How to maintain proportional dosing below 0.3 bar on a 700 L/h line with a D9IL water-powered proportional dosing pump and a viscous alkaline additive?
1 answer
On a 700 L/h line, operating below 0.3 bar requires careful hydraulic and suction-side design because a water-powered proportional dosing pump relies on the available water energy to drive the motor-piston cycle and to fully refill the dosing chamber on every stroke. With a viscous alkaline additive, the suction head, hose friction and valve opening pressure increase, so completing the chemical refill stroke becomes more demanding at very low inlet pressure.
To keep stable proportionality in these conditions, focus on the chemical suction circuit: use a short and airtight suction line, increase suction hose diameter where possible, minimize vertical lift, and avoid restrictive accessories that add head loss (for example, undersized filters or long small-bore tubing). These best practices help the pump achieve consistent chamber filling and therefore stable proportional dosing even when pressure is low.

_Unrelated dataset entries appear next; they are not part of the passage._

(* Let $\mathbb{F}_q$ be the finite field with $q$ elements and let $f(T)=T^2+aT+b\in\mathbb{F}_q[T]$ be irreducible. Then for every $\gamma\in\mathbb{F}_q^{*}$, the cyclotomic function field $F(\Lambda_M)$ with modulus $M=f$ is $\mathbb{F}_q$-isomorphic to the function field $\mathbb{F}_q(v,y)$ defined over $\mathbb{F}_q$ by $$y^{q-1}=-\frac{\gamma v^2+av+(b/\gamma)}{v^q-v}.$$
   Context: Let $x$ be transcendental over $\mathbb{F}_q$, $R=\mathbb{F}_q[x]$, $F=\mathbb{F}_q(x)$, and $\overline{F}$ a fixed algebraic closure of $F$. Make $\overline{F}$ an $R$-module via $z^{g(x)}=g(\varphi)(z)$ for $g\in R$, where $\varphi\in\operatorname{End}_{\mathbb{F}_q}(\overline{F})$ is $\varphi(z)=z^q+xz$ (so $z^{\sum a_ix^i}=\sum a_i\varphi^i(z)$). For nonzero $M\in R$, $\Lambda_M=\{z\in\overline{F}: z^M=0\}$, and the cyclotomic function field with modulus $M$ is $F(\Lambda_M)$, the subfield of $\overline{F}$ generated over $F$ by $\Lambda_M$ (here $M$ is viewed as a polynomial in $x$). *)

From HB Require Import structures.
From mathcomp Require Import all_boot all_order all_algebra all_field.
Set Implicit Arguments. Unset Strict Implicit. Unset Printing Implicit Defensive.
Import GRing.Theory.
Local Open Scope ring_scope.

Section CarlitzDefs.
Variables (k : finFieldType) (L : fieldType) (kappa : {rmorphism k -> L}).

Definition transcendental_over (x : L) : Prop :=
  forall p : {poly k}, p != 0 -> (map_poly kappa p).[x] != 0.

Definition carlitz_phi (x z : L) : L := z ^+ #|k| + x * z.

Definition carlitz_act (x : L) (g : {poly k}) (z : L) : L :=
  \sum_(i < size g) kappa g`_i * iter i (carlitz_phi x) z.

Definition carlitz_torsion (x : L) (M : {poly k}) (z : L) : Prop :=
  carlitz_act x M z = 0.

Definition subfield_closed (S : L -> Prop) : Prop :=
  [/\ S 1, (forall u w, S u -> S w -> S (u - w)),
      (forall u w, S u -> S w -> S (u * w)) & (forall u, S u -> S u^-1)].

Definition gen_field (A : L -> Prop) : L -> Prop :=
  fun z => forall S, subfield_closed S -> (forall u, A u -> S u) -> S z.

Definition const_field (z : L) : Prop := exists c : k, z = kappa c.

Definition cyclotomic_ff (x : L) (M : {poly k}) : L -> Prop :=
  gen_field (fun z => [\/ const_field z, z = x | carlitz_torsion x M z]).

(* evaluation of a bivariate polynomial P(V,Y) in {poly {poly k}}
   (outer variable Y, inner variable V) at V = v, Y = y *)
Definition eval2 (v y : L) (P : {poly {poly k}}) : L :=
  (map_poly (fun c : {poly k} => (map_poly kappa c).[v]) P).[y].

End CarlitzDefs.

(* G(V,Y) = Y^(q-1) (V^q - V) + (gamma V^2 + a V + b/gamma),
   the cleared form of y^(q-1) = -(gamma v^2 + a v + b/gamma)/(v^q - v). *)
Definition defining_poly (k : finFieldType) (a b gamma : k) : {poly {poly k}} :=
  'X^(#|k|.-1) * (('X^#|k| - 'X) : {poly k})%:P
  + (gamma *: 'X^2 + a *: 'X + (b / gamma)%:P : {poly k})%:P.

From Pilot Require Import Defs.
From HB Require Import structures.
From mathcomp Require Import all_boot all_order all_algebra all_field.
From mathcomp Require Import cyclic ring.
Set Implicit Arguments. Unset Strict Implicit. Unset Printing Implicit Defensive.
Import GRing.Theory.
Local Open Scope ring_scope.

(* Let lam be a nonzero root of z^M = phi^2 z + a phi z + b z.  Since M has no root in
   F_q, lam and phi(lam) are F_q-independent, hence span all q^2 roots, and
   F(Lambda_M) = F_q(x, lam).  Then u = lam^(q-1) satisfies
   u^(q+1) + (x^q + x + a) u + M(x) = 0, which for w = u + x reads
   x (w^q - w) = w^(q+1) + a w + b.  So x is algebraic over F_q(w), v = w / gamma is
   transcendental, F_q(x, lam) = F_q(v, lam), and (v^q - v) lam^(q-1) + p(v) = 0 with
   p(V) = gamma V^2 + a V + b / gamma.  The relations of (v, lam) are the multiples of
   G = (V^q - V) Y^(q-1) + p(V): G is Eisenstein at the prime p(V), and a norm
   argument over the (q-1)-th roots of unity of F_q shows that lam satisfies no
   relation of Y-degree < q - 1. *)

Lemma coef_comp_poly_scaleX (R : comNzRingType) (P : {poly R}) (c : R) j :
  (P \Po (c *: 'X))`_j = c ^+ j * P`_j.
Proof.
rewrite -mul_polyC.
elim/poly_ind: P j => [|P d IH] j; first by rewrite comp_poly0 !coef0 mulr0.
rewrite comp_poly_MXaddC mulrA !coefD !coefMX !coefC.
case: j => [|j] /=; first by rewrite expr0 mul1r.
by rewrite coefMC IH !addr0 mulrAC -exprSr.
Qed.

Lemma prod_comp_prim_root (A : idomainType) n (z : A) (R : {poly A}) :
  n.-primitive_root z ->
  exists2 S : {poly A}, \prod_(i < n) (R \Po (z ^+ i *: 'X)) = S \Po 'X^n & S`_0 = R`_0 ^+ n.
Proof.
move=> z_prim; have n_gt0 := prim_order_gt0 z_prim.
set N := \prod_(i < n) _.
have N_inv : N \Po (z *: 'X) = N.
  rewrite /N (big_morph (fun P => P \Po (z *: 'X)) (fun P Q => comp_polyM P Q _) (comp_polyC 1 _)).
  under eq_bigr => i _ do rewrite -comp_polyA comp_polyZ comp_polyX scalerA -exprSr.
  rewrite -(prednK n_gt0) big_ord_recr big_ord_recl /= prednK // (prim_expr_order z_prim).
  by rewrite expr0 scale1r mulrC; congr (_ * _); apply: eq_bigr => i _.
have N_coef j : ~~ (n %| j)%N -> N`_j = 0.
  move=> nj; have := congr1 (fun P : {poly A} => P`_j) N_inv.
  rewrite /= coef_comp_poly_scaleX => /eqP; rewrite -subr_eq0 -{2}[N`_j]mul1r -mulrBl.
  by rewrite mulf_eq0 subr_eq0 -(prim_order_dvd z_prim) (negPf nj) => /eqP.
exists (\poly_(i < size N) N`_(i * n)).
  apply/polyP => j; rewrite coef_comp_poly_Xn //; case: ifPn => [nj | /N_coef //].
  rewrite coef_poly divnK //; case: ltnP => // le_N_j.
  by rewrite nth_default // (leq_trans le_N_j) // leq_div.
have -> : R`_0 ^+ n = N`_0.
  rewrite -[RHS]horner_coef0 horner_prod.
  under eq_bigr => i _ do rewrite horner_coef0 coef_comp_poly_scaleX expr0 mul1r.
  by rewrite prodr_const card_ord.
by rewrite coef_poly mul0n; case: ltnP => // ?; rewrite nth_default.
Qed.

Lemma size_quad (R : fieldType) (c a b : R) : c != 0 -> size (c *: 'X^2 + a *: 'X + b%:P) = 3.
Proof.
move=> c_neq0; rewrite -addrA size_polyDl size_scale ?size_polyXn //.
rewrite (leq_ltn_trans (size_polyD _ _)) // gtn_max.
by rewrite (leq_ltn_trans (size_scale_leq _ _)) ?size_polyX // (leq_ltn_trans (size_polyC_leq1 _)).
Qed.

Lemma irredp_no_root (R : fieldType) (p : {poly R}) c :
  irreducible_poly p -> (2 < size p)%N -> ~~ root p c.
Proof.
move=> p_irr p_gt2; rewrite -dvdp_XsubCl; apply/negP => /(irredp_XsubCP p_irr) [] /eqp_size.
  by rewrite size_XsubC size_poly1.
by rewrite size_XsubC => p2; rewrite -p2 in p_gt2.
Qed.

Lemma finField_prim_root (F : finFieldType) : exists z : F, (#|F|.-1).-primitive_root z.
Proof.
pose rs := rem 0 (enum F).
have rs_uniq : uniq rs by rewrite rem_uniq // enum_uniq.
have size_rs : size rs = #|F|.-1 by rewrite size_rem ?mem_enum // -cardE.
have rs_roots : all (#|F|.-1).-unity_root rs.
  apply/allP => c; rewrite mem_rem_uniq ?enum_uniq // inE => /andP [c_neq0 _].
  rewrite unity_rootE; apply/eqP; apply: (mulfI c_neq0); rewrite -exprS mulr1.
  by rewrite prednK ?expf_card // ltnW ?finNzRing_gt1.
have := has_prim_root _ rs_roots rs_uniq; rewrite size_rs leqnn -subn1 subn_gt0 finNzRing_gt1.
by move=> /(_ isT isT) /hasP [z _ z_prim]; exists z.
Qed.

Lemma expcard_fixed_image (k : finFieldType) (L : fieldType) (kappa : {rmorphism k -> L}) z :
  z ^+ #|k| = z -> exists c, z = kappa c.
Proof.
move=> z_fixed; have : root (map_poly kappa ('X^#|k| - 'X)) z.
  by rewrite rmorphB /= map_polyXn map_polyX rootE !hornerE z_fixed subrr.
rewrite finField_genPoly rmorph_prod /root horner_prod => /prodf_eq0 [c _].
by rewrite rmorphB /= map_polyX map_polyC hornerXsubC subr_eq0 => /eqP ->; exists c.
Qed.


Definition kummer_poly (K : fieldType) (n : nat) (D p : {poly K}) : {poly {poly K}} :=
  'X^n * D%:P + p%:P.

Section KummerRelations.

Variables (K L : fieldType) (kappa : {rmorphism K -> L}) (v y : L).
Variables (n : nat) (zeta : K) (D p : {poly K}) (s : seq K).
Hypothesis v_transc : forall r : {poly K}, r != 0 -> (map_poly kappa r).[v] != 0.
Hypothesis zeta_prim : n.-primitive_root zeta.
Hypothesis p_irr : irreducible_poly p.
Hypothesis D_split : D = \prod_(c <- s) ('X - c%:P).
Hypothesis p_coprime_D : coprimep p D.

Local Notation evV := (horner_morph (fun c : K => mulrC v (kappa c))).
Local Notation evVY := (horner_morph (fun c : {poly K} => mulrC y (evV c))).
Local Notation G := (kummer_poly n D p).

Hypothesis kummer_root : evVY G = 0.

Let evV_eq0 r : (evV r == 0) = (r == 0).
Proof.
by apply/idP/idP => [|/eqP->]; [apply: contraLR => /v_transc | rewrite rmorph0].
Qed.

Let n_gt0 : (0 < n)%N. Proof. exact: prim_order_gt0 zeta_prim. Qed.

Let D_neq0 : D != 0. Proof. by rewrite D_split monic_neq0 ?monic_prod_XsubC. Qed.

Let p_neq0 : p != 0. Proof. exact: irredp_neq0. Qed.

Let evD_neq0 : evV D != 0. Proof. by rewrite evV_eq0 D_neq0. Qed.

Let evVY_C c : evVY c%:P = evV c. Proof. exact: horner_morphC. Qed.

Lemma evVY_kummer_poly : evVY G = evV D * y ^+ n + evV p.
Proof.
by rewrite rmorphD rmorphM rmorphXn /= horner_morphX !horner_morphC mulrC.
Qed.

Let y_neq0 : y != 0.
Proof.
apply: contra_eq_neq kummer_root => y0.
by rewrite evVY_kummer_poly y0 expr0n gtn_eqF ?n_gt0 // mulr0 add0r evV_eq0 p_neq0.
Qed.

For applications that must run near the lower pressure limit with viscous products, selecting a model designed to maintain proportionality on low-pressure industrial lines is typically the most robust approach. For 700 L/h service, DOSATRON D6 IL 2 (0.3 to 8 bar, 100 L/h to 6 m3/h) is well-suited to deliver repeatable proportional dosing on low-flow lines, and using alkaline-compatible seals matched to the additive supports long-term chemical compatibility. If the process allows, increasing inlet pressure or reducing viscosity (for example by temperature control or dilution) further supports consistent proportional metering.
- Optimize suction hydraulics: short, oversized, airtight suction; minimal lift; low-restriction accessories.
- Match materials: specify alkaline-compatible seals for the additive.
- Stabilize operating conditions: smooth pressure, and if possible increase inlet pressure or reduce viscosity to improve refill dynamics.